Backwardation and Contango for the copper and aluminum market 2023
The copper market is currently in backwardation. Backwardation means that copper's spot price is higher than copper futures contracts' price and is generally associated with a bearish market.
Copper futures compared to spot price 18.feb. Source: CME Group 18.02.2023
Backwardation in the metal markets usually indicates a tight supply in the futures contract market. This could be due to several factors, such as production disruptions, inventory shortages, or rising demand.
The aluminum market is currently in backwardation as well. However, this seems to change in May, as futures contract prices exceed the spot price, assuming the spot price stays the same. Hence, from May through the end of this year, the aluminum market will shift to contango. This implies a change in the market for aluminum, indicating prices to rise in line with aluminum demand, as it is more valuable to hold the contract than to store the physical commodity.

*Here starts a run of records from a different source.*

Lemma is_derive_sym_quotient_ratio (f g : R -> R) (x df dg : R) :
  is_derive x 1 f df -> is_derive x 1 g dg -> dg != 0 ->
  (fun h => (f (x - h) - f (x + h)) / (g (x - h) - g (x + h))) @ 0^'+ --> df / dg.
Proof.
move=> /is_derive_sym_quotient Df /is_derive_sym_quotient Dg dg0.
have dg2 : dg *+ 2 != 0 by rewrite mulrn_eq0 negb_or dg0.
have -> : df / dg = df *+ 2 / (dg *+ 2).
  rewrite -[df *+ 2]mulr_natr -[dg *+ 2]mulr_natr invfM mulrACA.
  by rewrite divff ?mulr1 // pnatr_eq0.
pose sq (u : R -> R) h := (u (x + h) - u (x - h)) / h.
have DfDg : (sq f \* (fun h => (sq g h)^-1)) @ 0^'+ --> df *+ 2 / (dg *+ 2).
  by apply: cvgM => //; exact: cvgV.
apply: cvg_trans DfDg; apply: near_eq_cvg; near=> h.
have h0 : h != 0 by rewrite gt_eqF //; near: h; exact: nbhs_right_gt.
rewrite /sq /= invfM invrK mulrACA mulVf // mulr1.
by rewrite -[f (x - h) - _]opprB -[g (x - h) - _]opprB invrN mulrNN.
Unshelve. all: by end_near. Qed.

End symmetric_quotient.

Section bivariate_survival.
Context {R : realType}.
Variables (sk sl gp gk gl : R).
Hypotheses (sk_gt0 : 0 < sk) (sl_gt0 : 0 < sl).

Definition biv_surv (a y : R) : R :=
  (1 + a / sk + y / sl) `^ (- gp) * (1 + a / sk) `^ (- gk) * (1 + y / sl) `^ (- gl).

Definition biv_surv_dy (a y : R) : R :=
  - biv_surv a y / sl * (gp / (1 + a / sk + y / sl) + gl / (1 + y / sl)).

Lemma is_derive_biv_surv {a y : R} : 0 <= a -> 0 <= y ->
  is_derive y 1 (biv_surv a) (biv_surv_dy a y).
Proof.
move=> a_ge0 y_ge0.
have B_gt0 : 0 < 1 + y / sl by rewrite ltr_pwDl // divr_ge0 // ltW.
have A_gt0 : 0 < 1 + a / sk + y / sl.
  by rewrite -addrA ltr_pwDl ?addr_ge0 // divr_ge0 // ltW.
have DA := is_derive_powR_affine (- gp) A_gt0.
have DB := is_derive_powR_affine (- gl) B_gt0.
apply: is_derive_eq (is_deriveM (is_deriveM DA (is_derive_cst _ y 1)) DB) _.
rewrite /biv_surv_dy /biv_surv /= !powR_subr1 // scaler0 add0r /GRing.scale !fctE /=.
move: (1 + a / sk + y / sl) (1 + y / sl) A_gt0 B_gt0 => A B A_gt0 B_gt0.
by field; rewrite !gt_eqF.
Qed.

Hypotheses (gp_gt0 : 0 < gp) (gl_ge0 : 0 <= gl).

Lemma biv_surv_dy_ratio {a y : R} : 0 <= a -> 0 <= y ->
  biv_surv_dy 0 y != 0 /\
  biv_surv_dy a y / biv_surv_dy 0 y =
  (gp / (gl + gp) + gl / (gl + gp) * (1 + a / (sk * (1 + y / sl))))
  * (1 + a / sk) `^ (- gk) * (1 + a / (sk * (1 + y / sl))) `^ (- gp - 1).
Proof.
move=> a_ge0 y_ge0.
have B_gt0 : 0 < 1 + y / sl by rewrite ltr_pwDl // divr_ge0 // ltW.
have u_gt0 : 0 < 1 + a / (sk * (1 + y / sl)).
  by rewrite ltr_pwDl // divr_ge0 // ltW // mulr_gt0.
have A_eq : 1 + a / sk + y / sl = (1 + a / (sk * (1 + y / sl))) * (1 + y / sl).
  by field; rewrite !gt_eqF // ltr_wpDr.
rewrite /biv_surv_dy /biv_surv mul0r !addr0 powR1 mulr1 A_eq powRM ?ltW //.
rewrite powR_subr1 //.
have C_gt0 : 0 < 1 + a / sk by rewrite ltr_pwDl // divr_ge0 // ltW.
(* Abstract the positive factors so that [field] treats them as atoms. *)
have := powR_gt0 (- gp) u_gt0; have := powR_gt0 (- gp) B_gt0.
have := powR_gt0 (- gl) B_gt0; have := powR_gt0 (- gk) C_gt0.
move: (1 + a / (sk * (1 + y / sl))) u_gt0 => u u_gt0.
move: (1 + y / sl) B_gt0 => B B_gt0.
move: (u `^ (- gp)) (B `^ (- gp)) (B `^ (- gl)) (_ `^ (- gk)).
move=> U Bp Bl Ck Ck_gt0 Bl_gt0 Bp_gt0 U_gt0.
have sum_gt0 : 0 < gl + gp by rewrite ltr_wpDl.
split; last by field; rewrite !gt_eqF.
rewrite -mulrDl addrC mulNr.
by rewrite mulf_neq0 ?oppr_eq0 ?invr_eq0 ?gt_eqF ?mulr_gt0 ?invr_gt0.
Qed.

Lemma biv_surv_conditional_cvg {a y : R} : 0 <= a -> 0 <= y ->
  (fun h => (biv_surv a (y - h) - biv_surv a (y + h))
          / (biv_surv 0 (y - h) - biv_surv 0 (y + h))) @ 0^'+ -->
  (gp / (gl + gp) + gl / (gl + gp) * (1 + a / (sk * (1 + y / sl))))
  * (1 + a / sk) `^ (- gk) * (1 + a / (sk * (1 + y / sl))) `^ (- gp - 1).
Proof.
move=> a_ge0 y_ge0; have [dy0_neq0 <-] := biv_surv_dy_ratio a_ge0 y_ge0.
exact: is_derive_sym_quotient_ratio (is_derive_biv_surv a_ge0 y_ge0)
  (is_derive_biv_surv (lexx 0) y_ge0) dy0_neq0.
Qed.

End bivariate_survival.

Section survival_functions.
Context {d} {T : measurableType d} {R : realType} {P : probability T R}.

Lemma measurable_RV_gt (Y : {RV P >-> R}) (a : R) : measurable [set t | a < Y t].
Proof.
have := measurable_funPTI Y (measurable_itv `]a, +oo[).
by congr measurable; apply/seteqP; split => t /=; rewrite in_itv /= andbT.
Qed.

Lemma measurable_RV_itv (Y : {RV P >-> R}) (a b : R) : measurable [set t | a < Y t <= b].
Proof.
have := measurable_funPTI Y (measurable_itv `]a, b]).
by congr measurable; apply/seteqP; split => t /=; rewrite in_itv.
Qed.

Lemma probability_setI_full {A B : set T} : measurable A -> measurable B ->
  P B = 1%E -> P (A `&` B) = P A.
Proof.
move=> mA mB PB1; rewrite [RHS](measureDI P mA mB).
rewrite [X in (_ = X + _)%E](_ : _ = 0%E) ?add0e //.
have PBc0 : P (~` B) = 0%E by rewrite probability_setC // PB1 subee.
apply/eqP; rewrite eq_le measure_ge0 andbT -PBc0.
by apply: le_measure; rewrite ?inE; [exact: measurableD | exact: measurableC | move=> t []].
Qed.

Lemma probability_setD_sub (A B : set T) : measurable A -> measurable B ->
  B `<=` A -> P (A `\` B) = (P A - P B)%E.
Proof.
move=> mA mB BA; rewrite measureD // ?(setIidr BA) //.
exact: le_lt_trans (probability_le1 P mA) (ltry 1).
Qed.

Aluminum futures compared to spot price 18.feb. Source: CME Group 18.02.2023
Contango and backwardation are opposites. Investors that trade commodities with futures contracts that are thought to be in backwardation are likely to keep a long position. This is because a long position ensures a positive roll return. In contango, if investors buy the long end and sell the short end, they end up with a negative roll return; therefore, in a contango market, investors can short contracts to make a profit. Going forward, it will be interesting to keep an eye on the development, especially on demand, which we view as a critical factor in the coming year.